Problem details: After locating the line that contains "(forall a, inA a -> act 1 a = a) /\" in the data below, set down exactly that line and each one after it through the line that contains "H_par^w together with", and nothing more.

Saved entries

● ● ● ● ●

(* Let $H$ be a weak Hopf algebra, let $E_h=[h_1][S(h_2)]\in{H_{par}^w}$ for $h\in H$, and let ${A_{par}^w}$ be the subalgebra of ${H_{par}^w}$ generated by $\{E_h: h\in H\}$. Then the linear map $H\otimes{A_{par}^w}\to{A_{par}^w}$, $h\otimes a\mapsto h\cdot a=[h_1]\,a\,[S(h_2)]$, is well defined and makes ${A_{par}^w}$ a symmetric partial $H$-module algebra.
   Context: All algebras are associative and unital over a field $\Bbbk$; Sweedler notation $\Delta(h)=h_1\otimes h_2$. A weak Hopf algebra is $(H,m,u,\Delta,\varepsilon,S)$ with $H$ an algebra, $(H,\Delta,\varepsilon)$ a coalgebra, and for all $g,h,k$: $\Delta(kh)=\Delta(k)\Delta(h)$; $\varepsilon(kh_1)\varepsilon(h_2g)=\varepsilon(khg)=\varepsilon(kh_2)\varepsilon(h_1g)$; $(1\otimes\Delta(1))(\Delta(1)\otimes1)=\Delta^2(1)=(\Delta(1)\otimes1)(1\otimes\Delta(1))$; $h_1S(h_2)=\varepsilon(1_1h)1_2$; $S(h_1)h_2=1_1\varepsilon(h1_2)$; $S(h)=S(h_1)h_2S(h_3)$, where $\Delta(1)=1_1\otimes1_2$. ${H_{par}^w}=T(H)/I$, where $T(H)$ is the tensor algebra of the vector space $H$ and $I$ is the ideal generated by, for all $h,k\in H$: $1_H-1_{T(H)}$; $h\otimes k_1\otimes S(k_2)-hk_1\otimes S(k_2)$; $h\otimes S(k_1)\otimes k_2-hS(k_1)\otimes k_2$; $h_1\otimes S(h_2)\otimes k-h_1\otimes S(h_2)k$; $S(h_1)\otimes h_2\otimes k-S(h_1)\otimes h_2k$; $h-h_1\otimes S(h_2)\otimes h_3$; $[h]$ denotes the class of $h$. A symmetric partial $H$-module algebra is an algebra $A$ with a linear map $h\otimes a\mapsto h\cdot a$ such that for all $h,k\in H$, $a,b\in A$: $h\cdot(ab)=(h_1\cdot a)(h_2\cdot b)$; $1_H\cdot a=a$; $h\cdot(k\cdot a)=(h_1\cdot1_A)((h_2k)\cdot a)$; $h\cdot(k\cdot a)=((h_1k)\cdot a)(h_2\cdot1_A)$. *)

From HB Require Import structures.
From mathcomp Require Import all_boot all_order all_algebra.
Set Implicit Arguments. Unset Strict Implicit. Unset Printing Implicit Defensive.
Import GRing.Theory.
Local Open Scope ring_scope.

(* Tensors in H (x) H (resp. H (x) H (x) H) are represented by finite lists of
   pairs (triples) of simple tensors; two such lists represent the same tensor
   iff every bilinear (trilinear) map into every K-vector space takes the same
   value on them (universal property of the tensor product). *)
Section Tensors.
Variables (K : fieldType) (H : lmodType K).

Definition bilinear_map (V : lmodType K) (f : H -> H -> V) :=
  (forall y a x1 x2, f (a *: x1 + x2) y = a *: f x1 y + f x2 y) /\
  (forall x a y1 y2, f x (a *: y1 + y2) = a *: f x y1 + f x y2).

Definition trilinear_map (V : lmodType K) (f : H -> H -> H -> V) :=
  (forall y z a x1 x2, f (a *: x1 + x2) y z = a *: f x1 y z + f x2 y z) /\
  (forall x z a y1 y2, f x (a *: y1 + y2) z = a *: f x y1 z + f x y2 z) /\
  (forall x y a z1 z2, f x y (a *: z1 + z2) = a *: f x y z1 + f x y z2).

Definition teq2 (s t : seq (H * H)) : Prop :=
  forall (V : lmodType K) (f : H -> H -> V), bilinear_map f ->
    \sum_(p <- s) f p.1 p.2 = \sum_(p <- t) f p.1 p.2.

Definition teq3 (s t : seq (H * H * H)) : Prop :=
  forall (V : lmodType K) (f : H -> H -> H -> V), trilinear_map f ->
    \sum_(p <- s) f p.1.1 p.1.2 p.2 = \sum_(p <- t) f p.1.1 p.1.2 p.2.

End Tensors.

Section WeakHopf.
Variables (K : fieldType) (H : algType K).

Definition cop2 (cop : H -> seq (H * H)) (h : H) : seq (H * H * H) :=
  flatten [seq [seq (q.1, q.2, p.2) | q <- cop p.1] | p <- cop h].

(* (Delta, eps, S) make the algebra H a weak Hopf algebra.
   Delta(h) = \sum_(p <- cop h) p.1 (x) p.2  (Sweedler: h_1 (x) h_2). *)
Definition is_weak_hopf (cop : H -> seq (H * H)) (eps : H -> K) (S : H -> H)
  : Prop :=
  (forall a h k, teq2 (cop (a *: h + k))
                   ([seq (a *: p.1, p.2) | p <- cop h] ++ cop k)) /\
  (forall a h k, eps (a *: h + k) = a * eps h + eps k) /\
  (forall a h k, S (a *: h + k) = a *: S h + S k) /\
  (forall h, teq3 (cop2 cop h)
     (flatten [seq [seq (p.1, q.1, q.2) | q <- cop p.2] | p <- cop h])) /\
  (forall h, \sum_(p <- cop h) eps p.1 *: p.2 = h) /\
  (forall h, \sum_(p <- cop h) eps p.2 *: p.1 = h) /\
  (forall k h, teq2 (cop (k * h))
     (flatten [seq [seq (p.1 * q.1, p.2 * q.2) | q <- cop h] | p <- cop k])) /\
  (forall k h g,
     \sum_(p <- cop h) eps (k * p.1) * eps (p.2 * g) = eps (k * h * g)) /\
  (forall k h g,
     eps (k * h * g) = \sum_(p <- cop h) eps (k * p.2) * eps (p.1 * g)) /\
  teq3 (flatten [seq [seq (q.1, p.1 * q.2, p.2) | q <- cop 1] | p <- cop 1])
       (cop2 cop 1) /\
  teq3 (cop2 cop 1)
       (flatten [seq [seq (q.1, q.2 * p.1, p.2) | p <- cop 1] | q <- cop 1]) /\
  (forall h, \sum_(p <- cop h) p.1 * S p.2
             = \sum_(q <- cop 1) eps (q.1 * h) *: q.2) /\
  (forall h, \sum_(p <- cop h) S p.1 * p.2
             = \sum_(q <- cop 1) eps (h * q.2) *: q.1) /\
  (forall h, S h = \sum_(p <- cop2 cop h) S p.1.1 * p.1.2 * S p.2).

(* The relations generating the ideal I, for a linear map pi : H -> C into
   an algebra C (pi(h) plays the role of the class [h]). *)
Definition par_rep (cop : H -> seq (H * H)) (S : H -> H)
  (C : algType K) (pi : H -> C) : Prop :=
  (forall a h k, pi (a *: h + k) = a *: pi h + pi k) /\
  pi 1 = 1 /\
  (forall h k, \sum_(p <- cop k) pi h * pi p.1 * pi (S p.2)
               = \sum_(p <- cop k) pi (h * p.1) * pi (S p.2)) /\
  (forall h k, \sum_(p <- cop k) pi h * pi (S p.1) * pi p.2
               = \sum_(p <- cop k) pi (h * S p.1) * pi p.2) /\
  (forall h k, \sum_(p <- cop h) pi p.1 * pi (S p.2) * pi k
               = \sum_(p <- cop h) pi p.1 * pi (S p.2 * k)) /\
  (forall h k, \sum_(p <- cop h) pi (S p.1) * pi p.2 * pi k
               = \sum_(p <- cop h) pi (S p.1) * pi (p.2 * k)) /\
  (forall h, pi h = \sum_(p <- cop2 cop h) pi p.1.1 * pi (S p.1.2) * pi p.2).

Definition is_alg_hom (B C : algType K) (F : B -> C) : Prop :=
  (forall a x y, F (a *: x + y) = a *: F x + F y) /\
  (forall x y, F (x * y) = F x * F y) /\ F 1 = 1.

(* (B, pi) is H_par^w = T(H)/I with pi h = [h]: characterised (up to unique
   isomorphism) by the universal property of T(H)/I. *)
Definition is_Hpar (cop : H -> seq (H * H)) (S : H -> H)
  (B : algType K) (pi : H -> B) : Prop :=
  par_rep cop S pi /\
  forall (C : algType K) (phi : H -> C), par_rep cop S phi ->
    (exists F : B -> C, is_alg_hom F /\ forall h, F (pi h) = phi h) /\
    (forall F G : B -> C, is_alg_hom F -> is_alg_hom G ->
       (forall h, F (pi h) = phi h) -> (forall h, G (pi h) = phi h) ->
       forall x, F x = G x).

Definition Epar (cop : H -> seq (H * H)) (S : H -> H) (B : algType K)
  (pi : H -> B) (h : H) : B :=
  \sum_(p <- cop h) pi p.1 * pi (S p.2).

Definition is_subalg_pred (B : algType K) (P : B -> Prop) : Prop :=
  P 1 /\ (forall x y, P x -> P y -> P (x + y)) /\
  (forall a x, P x -> P (a *: x)) /\ (forall x y, P x -> P y -> P (x * y)).

Definition in_gen_subalg (B : algType K) (gen : H -> B) (x : B) : Prop :=
  forall P : B -> Prop, is_subalg_pred P -> (forall h, P (gen h)) -> P x.

Definition par_act (cop : H -> seq (H * H)) (S : H -> H) (B : algType K)
  (pi : H -> B) (h : H) (a : B) : B :=
  \sum_(p <- cop h) pi p.1 * a * pi (S p.2).

Definition sym_partial_module_subalg (cop : H -> seq (H * H))
  (B : algType K) (inA : B -> Prop) (act : H -> B -> B) : Prop :=
  (forall h a b, inA a -> inA b ->
     act h (a * b) = \sum_(p <- cop h) act p.1 a * act p.2 b) /\
  (forall a, inA a -> act 1 a = a) /\
  (forall h k a, inA a ->
     act h (act k a) = \sum_(p <- cop h) act p.1 1 * act (p.2 * k) a) /\
  (forall h k a, inA a ->
     act h (act k a) = \sum_(p <- cop h) act (p.1 * k) a * act p.2 1).

End WeakHopf.

(** The heart of the argument is the commutation rule [h] a = (h_1 . a) [h_2]
    ([pi_commute a]). It holds for a = 1 by the relation [h] = [h_1][S h_2][h_3],
    it is preserved by sums, scalars and products, and for a generator E_k it is
    the identity [h] E_k = E_(h_1 k) [h_2], which follows from the relations of
    H_par^w together with the weak Hopf identities for the counital maps eps_t,
    eps_s and the antimultiplicativity of S. So it holds on all of A. It yields
    h . (a b) = (h_1 . a)(h_2 . b) and 1 . a = a, and with
    h . E_k = E_(h_1) E_(h_2 k) = E_(h_1 k) E_(h_2) an induction over the
    generated subalgebra shows that A is stable under the action and satisfies
    both symmetric partial-action identities. *)

From HB Require Import structures.
From mathcomp Require Import all_boot all_order all_algebra.
Set Implicit Arguments. Unset Strict Implicit. Unset Printing Implicit Defensive.
Import GRing.Theory.
Local Open Scope ring_scope.

Section LinearMaps.
Variables (R : pzRingType) (U : lmodType R) (V : zmodType).
Variables (s : GRing.Scale.law R V) (f : U -> V).
Hypothesis f_linear : linear_for s f.

Lemma linD : {morph f : x y / x + y}.
Proof. exact: (GRing.semilinear_linear f_linear).2. Qed.

Lemma lin0 : f 0 = 0.
Proof. by apply: (addrI (f 0)); rewrite -linD !addr0. Qed.

Lemma lin_sum I (r : seq I) (F : I -> U) :
  f (\sum_(i <- r) F i) = \sum_(i <- r) f (F i).
Proof. exact: (big_morph f linD lin0). Qed.

End LinearMaps.

Lemma linZ (R : pzRingType) (U W : lmodType R) (f : U -> W) :
  linear f -> forall a x, f (a *: x) = a *: f x.
Proof. exact: GRing.scalable_linear. Qed.

Lemma scalarZ (R : pzRingType) (U : lmodType R) (f : U -> R) :
  scalar f -> forall a x, f (a *: x) = a * f x.
Proof. exact: GRing.scalable_linear. Qed.

Lemma big_mul_ctx (R : pzRingType) I (r : seq I) (F G : I -> R) c d :
  \sum_(i <- r) F i = \sum_(i <- r) G i ->
  \sum_(i <- r) c * F i * d = \sum_(i <- r) c * G i * d.
Proof. by move=> eqFG; rewrite -!mulr_suml -!mulr_sumr eqFG. Qed.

● ● ● ● ●

Answer area:
  (forall a, inA a -> act 1 a = a) /\
  (forall h k a, inA a ->
     act h (act k a) = \sum_(p <- cop h) act p.1 1 * act (p.2 * k) a) /\
  (forall h k a, inA a ->
     act h (act k a) = \sum_(p <- cop h) act (p.1 * k) a * act p.2 1).

End WeakHopf.

(** The heart of the argument is the commutation rule [h] a = (h_1 . a) [h_2]
    ([pi_commute a]). It holds for a = 1 by the relation [h] = [h_1][S h_2][h_3],
    it is preserved by sums, scalars and products, and for a generator E_k it is
    the identity [h] E_k = E_(h_1 k) [h_2], which follows from the relations of
    H_par^w together with the weak Hopf identities for the counital maps eps_t,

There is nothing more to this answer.